## [REQUIRED ACTION]
In the entries that follow, how many lines hold the string "sepC"? Give only that number.
● ● ● ● ●
Lemma grad_loss (n d : nat) (x : nat -> nat -> R) (y th : nat -> R) (j : nat) :
  (j < d)%nat ->
  grad (loss n d x y) th j = / INR n * sumR n (fun i => (dotR d (x i) th - y i) * x i j).
Proof.
  intros Hj. unfold grad, loss. apply is_derive_unique.
  assert (Hsum : is_derive
            (fun w => sumR n (fun i => (y i - dotR d (x i) (upd th j w)) ^ 2)) (th j)
            (sumR n (fun i => 2 * ((dotR d (x i) (upd th j (th j)) - y i) * x i j)))).
  { apply (is_derive_sumR n _ (fun i w => 2 * ((dotR d (x i) (upd th j w) - y i) * x i j))).
    intros i _.
    replace (2 * ((dotR d (x i) (upd th j (th j)) - y i) * x i j))
      with (INR 2 * (0 - x i j) * (y i - dotR d (x i) (upd th j (th j))) ^ Nat.pred 2)
      by (simpl; ring).
    apply (is_derive_pow (fun w => y i - dotR d (x i) (upd th j w))).
    apply (is_derive_minus (fun _ => y i)).
    - apply (is_derive_const (V := R_NormedModule)).
    - apply is_derive_dotR_upd. exact Hj. }
  rewrite (sumR_ext n _ (fun i => 2 * ((dotR d (x i) th - y i) * x i j))), sumR_scal in Hsum
    by (intros; rewrite dotR_upd_self; reflexivity).
  set (S := sumR n (fun i => (dotR d (x i) th - y i) * x i j)) in *.
  replace (/ INR n * S) with (/ (2 * INR n) * (2 * S)).
  - apply is_derive_scal. exact Hsum.
  - rewrite Rinv_mult. replace (/ 2 * / INR n * (2 * S)) with (2 * / 2 * (/ INR n * S)) by ring.
    rewrite Rinv_r; [ring | lra].
Qed.

Lemma continuous_grad_loss (n d : nat) (x : nat -> nat -> R) (y : nat -> R)
    (th : R -> nat -> R) (j : nat) (t : R) :
  (j < d)%nat -> (forall k, (k < d)%nat -> continuous (fun s => th s k) t) ->
  continuous (fun s => grad (loss n d x y) (th s) j) t.
Proof.
  intros Hj Hth.
  apply (continuous_ext
           (fun s => / INR n * sumR n (fun i => (dotR d (x i) (th s) - y i) * x i j)));
    [intros s; symmetry; apply grad_loss, Hj |].
  apply (continuous_mult (fun _ => / INR n)); [apply continuous_const |].
  apply (continuous_sumR n (fun i s => (dotR d (x i) (th s) - y i) * x i j)).
  intros i _.
  apply (continuous_mult (fun s => dotR d (x i) (th s) - y i) (fun _ => x i j));
    [| apply continuous_const].
  apply (continuous_minus (fun s => dotR d (x i) (th s)) (fun _ => y i));
    [| apply continuous_const].
  apply (continuous_sumR d (fun k s => x i k * th s k)). intros k Hk.
  apply (continuous_mult (fun _ => x i k)); [apply continuous_const | apply Hth, Hk].
Qed.

Lemma is_derive_entropy_term (D z : R) : 0 < D ->
  is_derive (fun w => 2 * w * arcsinh (2 * w / D) - sqrt (4 * w ^ 2 + D ^ 2) + D) z
    (2 * arcsinh (2 * z / D)).
Proof.
  intros HD.
  set (S := sqrt (4 * z ^ 2 + D ^ 2)).
  assert (HS2 : S * S = 4 * z ^ 2 + D ^ 2) by (apply sqrt_sqrt; nra).
  assert (HS : 0 < S) by (apply sqrt_lt_R0; nra).
  assert (Harcsinh : is_derive (fun w => arcsinh (2 * w / D)) z (2 / S)).
  { replace (2 / S) with (2 / D * / sqrt ((2 * z / D) ^ 2 + 1)).
    - apply (is_derive_comp arcsinh (fun w => 2 * w / D)).
      + apply is_derive_Reals, derivable_pt_lim_arcsinh.
      + auto_derive; [exact I | field; lra].
    - replace ((2 * z / D) ^ 2 + 1) with ((S / D) ^ 2)
        by (replace ((S / D) ^ 2) with (S * S / (D * D)) by (field; lra);
            rewrite HS2; field; lra).
      rewrite sqrt_pow2; [field; lra |].
      apply Rlt_le, Rdiv_lt_0_compat; assumption. }
  assert (Hsqrt : is_derive (fun w => sqrt (4 * w ^ 2 + D ^ 2)) z (4 * z / S)).
  { auto_derive; [nra |]. replace (4 * (z * (z * 1)) + D * (D * 1)) with (4 * z ^ 2 + D ^ 2) by ring.
    fold S. field. lra. }
  replace (2 * arcsinh (2 * z / D))
    with (2 * arcsinh (2 * z / D) + 2 * z * (2 / S) - 4 * z / S + 0) by (field; lra).
  apply (is_derive_plus _ (fun _ => D)); [| apply (is_derive_const (V := R_NormedModule))].
  apply (is_derive_minus _ (fun w => sqrt (4 * w ^ 2 + D ^ 2))); [| exact Hsqrt].
  apply (is_derive_mult (fun w => 2 * w) (fun w => arcsinh (2 * w / D)));
    [auto_derive; [exact I | ring] | exact Harcsinh | intros; apply Rmult_comm].
Qed.
Lemma closed_bigcup_locally_finite al : locally_finite_family al ->
  (forall V, al V -> closed V) -> closed (\bigcup_(V in al) V).
Proof.
move=> lfal clal x /(closure_bigcup_locally_finite lfal) [V alV /(clal _ alV) Vx].
by exists V.
Qed.

End Covers.

Definition bump_refinement (X : topologicalType) (O HH : set (set X))
    (f : set X -> X -> R) : Prop :=
  [/\ locally_finite_family HH, refines HH O,
      (forall h, HH h -> [/\ continuous (f h), (forall x, 0 <= f h x <= 1) &
                           (forall x, ~ h x -> f h x = 0)]) &
      (forall x, exists2 h, HH h & f h x = 1)].

Definition star_refines (X : topologicalType) (VV O : set (set X)) : Prop :=
  forall V1, VV V1 -> exists2 W, O W &
    forall V, VV V -> V `&` V1 !=set0 -> V `<=` W.

Section Paracompact.
Variable X : topologicalType.
Hypothesis paraX : paracompact_space X.

Lemma paracompact_separation (C D : set X) : closed C ->
  (forall y, C y -> exists2 V, open V /\ V y & closure V `&` D = set0) ->
  exists E, [/\ open E, C `<=` E & closure E `&` D = set0].
Proof.
move=> clC sepC; have [_ refine] := paraX.
pose be := [set W | (open W /\ closure W `&` D = set0) \/ W = ~` C].
have [||al [oal /coversP coval lfal ref]] := refine be.
- by move=> W [[]//|->]; apply: closed_openC.
- apply/coversP => y; have [Cy|nCy] := pselect (C y).
    by have [V [oV Vy] clVD] := sepC y Cy; exists V => //; left.
  by exists (~` C); [right|].
pose G := [set V | al V /\ V `&` C !=set0].
exists (\bigcup_(V in G) V); split.
- by apply: bigcup_open => V [/oal].
- by move=> y Cy; have [V alV Vy] := coval y; exists V => //; split=> //; exists y.
- apply/seteqP; split=> // z [].
  have lfG : locally_finite_family G by apply: locally_finite_familyS lfal => V [].
  move=> /(closure_bigcup_locally_finite lfG) [V [alV [c [Vc Cc]]] clVz] Dz.
  have [W [[_ clWD]|WC] VW] := ref V alV.
    by rewrite -clWD; split=> //; apply: closureS clVz.
  by move: (VW c Vc); rewrite WC.
Qed.

Lemma paracompact_regular (x : X) (O : set X) : open O -> O x ->
  exists N, [/\ open N, N x & closure N `<=` O].
Proof.
move=> oO Ox; have [hsX _] := paraX.
have [|E [oE nOE clEx]] := paracompact_separation (open_closedC oO) (D := [set x]).
  move=> y nOy; have xy : x != y by apply: contraPneq nOy => <-.
  move: hsX; rewrite open_hausdorff => /(_ x y xy) [[A B] /=].
  rewrite !inE => -[Ax By] [oA oB AB0]; exists B => //.
  apply/seteqP; split=> // _ [/[swap] /= -> /(_ A (open_nbhs_nbhs (conj oA Ax)))].
  by move=> [z [Bz Az]]; have : (A `&` B) z by []; rewrite AB0.
exists (~` closure E); split.
- exact/closed_openC/closed_closure.
- by move=> clEx'; have : (closure E `&` [set x]) x by []; rewrite clEx.
- have sub : ~` closure E `<=` ~` E by apply: subsetC; apply: subset_closure.
  move=> z /(closureS sub) /(open_closedC oE) nEz.
  by apply: contrapT => nOz; apply: nEz; apply: nOE.
Qed.
Lemma GU_cayley d1 d2 (xi1 : 'M[K]_d1) (xi2 : 'M[K]_d2) :
  coprimep (char_poly xi1) (char_poly xi2) ->
  forall k (A : 'M[R]_d1) (B : 'M[R]_d2) C D Y Z, (0 < k)%N -> (k < l)%N ->
  map_mx r A = xi1 -> map_mx r B = xi2 ->
  gu_mem s p l (block_mx A (p ^+ k *: C) (p ^+ k *: D) B) ->
  A *m Y - Y *m B = C -> B *m Z - Z *m A = D ->
  exists2 Z', GU_mem s p l (cayley ((p ^+ k / 2) *: block_mx 0 Y Z' 0))
            & congmx p 1 Z' Z.
Proof.
move=> coprime_xi k A B C D Y Z k_gt0 lt_kl rA rB Lblk AYC BZD.
have [AA BB DC] := gu_block_skew (D := D) (introT andP (conj k_gt0 lt_kl)) Lblk.
exists (- mxstar s Y).
  rewrite GU_memE cayley_unitary ?map_mx_expZ0 //; first exact: congmx_refl.
  rewrite mxstarZ mxstar_block !mxstar0 mxstarN (mxstarK s_inv) rmorphM rmorphXn s_p.
  by rewrite s_half -scalerN opp_block_mx !oppr0 opprK.
set W := - mxstar s Y.
have starC : congmx p 1 (mxstar s C) (mxstar s Y *m (- A) - (- B) *m mxstar s Y).
  rewrite -AYC mxstarB !mxstarM.
  by apply: congmxB; [apply: congmxMl AA | apply: congmxMr BB].
have WD : congmx p 1 (B *m W - W *m A) D.
  have -> : B *m W - W *m A = - (mxstar s Y *m (- A) - (- B) *m mxstar s Y).
    by rewrite !mulmxN !mulNmx !opprK opprD opprK addrC.
  by apply: congmx_sym; apply: congmx_trans DC (congmxN starC).
apply/congmx_sub0/(sylvester_congmx0 unit_of_red (A := B) (B := A)).
  by rewrite rA rB coprimep_sym.
have -> : B *m (W - Z) - (W - Z) *m A = (B *m W - W *m A) - (B *m Z - Z *m A).
  by rewrite mulmxBr mulmxBl !opprB !addrA [LHS]addrAC (addrAC (B *m W)) [RHS]addrAC.
by rewrite BZD -(subrr D); apply: congmxB WD (congmx_refl _ _ _).
Qed.

End UnitaryCayley.

Theorem levi_GU (R : idomainType) (K : fieldType) (r : {rmorphism R -> K})
    (s : {rmorphism R -> R}) (p : R) l d1 d2 (xi1 : 'M[K]_d1) (xi2 : 'M[K]_d2) :
  is_dvr p -> r p = 0 -> involutive s -> s p = p -> ~~ (2%N \in [pchar K]) ->
  (0 < l)%N -> coprimep (char_poly xi1) (char_poly xi2) ->
  levi_statement r p l (fun n (g : 'M[R]_n) => GU_mem s p l g)
    (fun n (X : 'M[R]_n) => gu_mem s p l X) xi1 xi2.
Proof.
move=> dvr_p red_p s_inv s_p char_neq2 l_gt0 coprime_xi.
have unit_of_red := dvr_unit_of_red dvr_p red_p.
have unit2 := dvr_unit2 dvr_p red_p char_neq2.
have [p_neq0 _ _] := dvr_p.
apply: (levi_decomposition unit_of_red (dvr_dvd_of_red0 dvr_p) red_p unit2 l_gt0 coprime_xi
  (inG := fun n (g : 'M[R]_n) => GU_mem s p l g)).
- exact: GU_mem1.
- exact: GU_mem_congmx.
- exact: GU_mem_diag.
- exact: GU_memM.
- exact: gu_mem_congmx.
- exact: gu_mem_diag.
- exact: gu_mem_conj.
- exact: GU_cayley.
Qed.

Theorem mainTheorem9
  (o O : idomainType) (K : finFieldType) (pi : o)
  (iota : {rmorphism o -> O}) (sigma : {rmorphism O -> O})
  (red : {rmorphism O -> K}) (l d1 d2 : nat)
  (xi1 : 'M[K]_d1) (xi2 : 'M[K]_d2) :
  (* o is a compact DVR with uniformiser pi *)
  is_dvr pi -> is_complete pi ->
  (* O/o is an unramified quadratic extension *)
  injective iota ->
  (exists e1 e2 : O, forall y : O,
     exists! ab : o * o, y = iota ab.1 * e1 + iota ab.2 * e2) ->
  is_dvr (iota pi) ->
  (* sigma = x |-> x^o is the nontrivial Galois automorphism of O/o *)
  (forall x : o, sigma (iota x) = iota x) ->
  (forall y : O, sigma (sigma y) = y) ->
  (exists y : O, sigma y != y) ->
  (* red : O -> K = O / pi O is the residue map; K finite of odd char *)
  (forall k : K, exists y : O, red y = k) ->
  (forall y : O, red y = 0 <-> pdvd (iota pi) 1 y) ->
  ~~ (2%N \in [pchar K]) ->
  (0 < l)%N ->
  (* coprime characteristic polynomials in K[t] *)
  coprimep (char_poly xi1) (char_poly xi2) ->
  (* case G = GL_d *)
  ((exists X1 : 'M[o]_d1, map_mx (fun x => red (iota x)) X1 = xi1) ->
   (exists X2 : 'M[o]_d2, map_mx (fun x => red (iota x)) X2 = xi2) ->
   levi_statement (fun x => red (iota x)) pi l
     (fun n (g : 'M[o]_n) => GL_mem pi l g)
     (fun n (X : 'M[o]_n) => gl_mem pi l X) xi1 xi2) /\
  (* case G = GU_d *)
  ((exists X1 : 'M[O]_d1, gu_mem sigma (iota pi) 1 X1 /\ map_mx red X1 = xi1) ->
   (exists X2 : 'M[O]_d2, gu_mem sigma (iota pi) 1 X2 /\ map_mx red X2 = xi2) ->
   levi_statement red (iota pi) l
     (fun n (g : 'M[O]_n) => GU_mem sigma (iota pi) l g)
     (fun n (X : 'M[O]_n) => gu_mem sigma (iota pi) l X) xi1 xi2).
Proof.
move=> dvr_o _ _ _ dvr_O sigma_iota sigma_inv _ _ red_ker char_neq2 l_gt0 coprime_xi.
have red_pi : red (iota pi) = 0 by apply/red_ker; exists 1; rewrite expr1 mulr1.
split=> _ _.
  exact: (levi_GL (r := red \o iota) dvr_o red_pi char_neq2 l_gt0 coprime_xi).
exact: levi_GU dvr_O red_pi sigma_inv (sigma_iota pi) char_neq2 l_gt0 coprime_xi.
Qed.
Lemma size_mptype_seq b : is_mpart b -> size (mptype_seq b) = k.
Proof.
case/andP=> _ /eqP <-; rewrite size_sort size_flatten /shape -map_comp sumnE big_map big_enum.
by apply: eq_bigr => i _; rewrite /= size_nseq.
Qed.

Lemma mptypeE b : is_mpart b -> val (mptype b) = mptype_seq b.
Proof. by move=> b_mp; rewrite insubdK //; apply/eqP; rewrite size_mptype_seq. Qed.

Lemma mptypeP b : is_mpart b -> inA n (mptype b) /\ mp_type b (mptype b).
Proof.
move=> b_mp; split => [|i]; last by rewrite mptypeE // count_mptype_seq.
rewrite /inA mptypeE // sort_sorted ?geqn_total //=; apply/allP => x.
by rewrite mem_sort => /flattenP[_ /mapP[i _ ->] /nseqP[-> _]]; rewrite ltn_ord.
Qed.

Lemma mp_type_uniq b lam1 lam2 : inA n lam1 -> inA n lam2 ->
  mp_type b lam1 -> mp_type b lam2 -> lam1 = lam2.
Proof.
move=> /andP[sorted1 range1] /andP[sorted2 range2] type1 type2.
apply/val_inj/(sorted_eq geqn_trans geqn_anti) => //; apply/allP => x x12.
have /andP[x_gt0 x_le] : (0 < x <= n)%N.
  by move: x12; rewrite mem_cat => /orP[/(allP range1) | /(allP range2)].
have x_lt : (x.-1 < n)%N by rewrite prednK.
by rewrite /= -(prednK x_gt0) -[x.-1]/(val (Ordinal x_lt)) -type1 -type2.
Qed.

Lemma mp_typeP b lam : is_mpart b -> inA n lam -> reflect (mp_type b lam) (mptype b == lam).
Proof.
move=> b_mp lam_A; have [type_A type_b] := mptypeP b_mp.
by apply: (iffP eqP) => [<- // | type_lam]; apply: mp_type_uniq type_A lam_A type_b type_lam.
Qed.

End MultipartitionType.

Lemma yalpha_exists k n (alpha : 'I_k -> 'I_n) : (0 < n)%N -> exists g, is_yalpha alpha g.
Proof.
move=> n_gt0; pose f (x : 'I_n * 'I_k) := (Ordinal (ltn_pmod (x.1 + alpha x.2) n_gt0), x.2).
have f_inj : injective f.
  move=> [a j] [a' j'] [/eqP e jj']; rewrite -jj' in e *; congr (_, _); apply/val_inj/eqP.
  by move: e; rewrite eqn_modDr !modn_small.
by exists (perm f_inj) => x; rewrite permE.
Qed.

Section Characters.
Variables (k n : nat) (zeta : algC) (L : mpart k n -> Iirr (SG n k)).
Hypotheses (n_gt0 : (0 < n)%N) (zeta_prim : n.-primitive_root zeta).
Hypothesis L_inj : {in [pred b | is_mpart b] &, injective L}.
Hypothesis L_surj : forall i : Iirr (SG n k), exists2 b, is_mpart b & L b = i.
Hypothesis L_trace : forall b : mpart k n, is_mpart b ->
  forall lam : k.-tuple nat, inA n lam -> mp_type b lam ->
  forall (alpha : 'I_k -> 'I_n) (g : {perm 'I_n * 'I_k}), is_yalpha alpha g ->
    'chi_(L b) g = (fmp b)%:R * monsym lam (fun j => zeta ^+ alpha j).
Implicit Types (b bl bm : mpart k n) (lam mu nu : k.-tuple nat).
Local Notation msym rho alpha := (monsym rho (fun j => zeta ^+ alpha j)).

Lemma fmp_neq0 b : is_mpart b -> (fmp b)%:R != 0 :> algC.
Proof.
move=> b_mp; have [type_A type_b] := mptypeP b_mp.
have y0 : is_yalpha (fun _ : 'I_k => Ordinal n_gt0) 1%g.
  by move=> x; rewrite perm1 /= addn0 modn_small.
apply: contra_neq (irr1_neq0 (L b)) => f0.
by rewrite (L_trace b_mp type_A type_b y0) f0 mul0r.
Qed.
Theorem theorem1 (R : realType) (n : nat) (hn : (1 <= n)%N) :
  (* (1) unimodality *)
  (forall (s : 'I_n -> R), injective s ->
     forall tau : R, 0 < tau ->
       unimodal_row_stochastic (Phat s tau) /\
       (forall i, row_unique_argmax (Phat s tau) i (sort_perm s i)))
  /\
  (* (2) limiting behaviour, almost surely for i.i.d. absolutely continuous entries *)
  (forall (d : measure_display) (T : measurableType d) (P : probability T R)
          (X : 'I_n -> {RV P >-> R}),
     mutually_independent X ->
     (forall i j, distribution P (X i) = distribution P (X j)) ->
     (forall i, distribution P (X i) `<< (@lebesgue_measure R)) ->
     {ae P, forall t : T,
        forall i j : 'I_n,
          Phat (fun k => X k t) tau i j @[tau --> (0:R)^'+] -->
            perm_matrix_of R (sort_perm (fun k => X k t)) i j}).
Proof.
split=> [s s_inj tau tau_gt0 | d T P X X_indep _ X_ac].
  split; first exact: Phat_unimodal.
  by move=> i; exact: Phat_row_argmax.
apply: filterS (ae_injective X_indep X_ac) => t t_inj i j.
exact: Phat_cvg_perm_matrix.
Qed.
● ● ● ● ●
## [YOUR RESPONSE]
2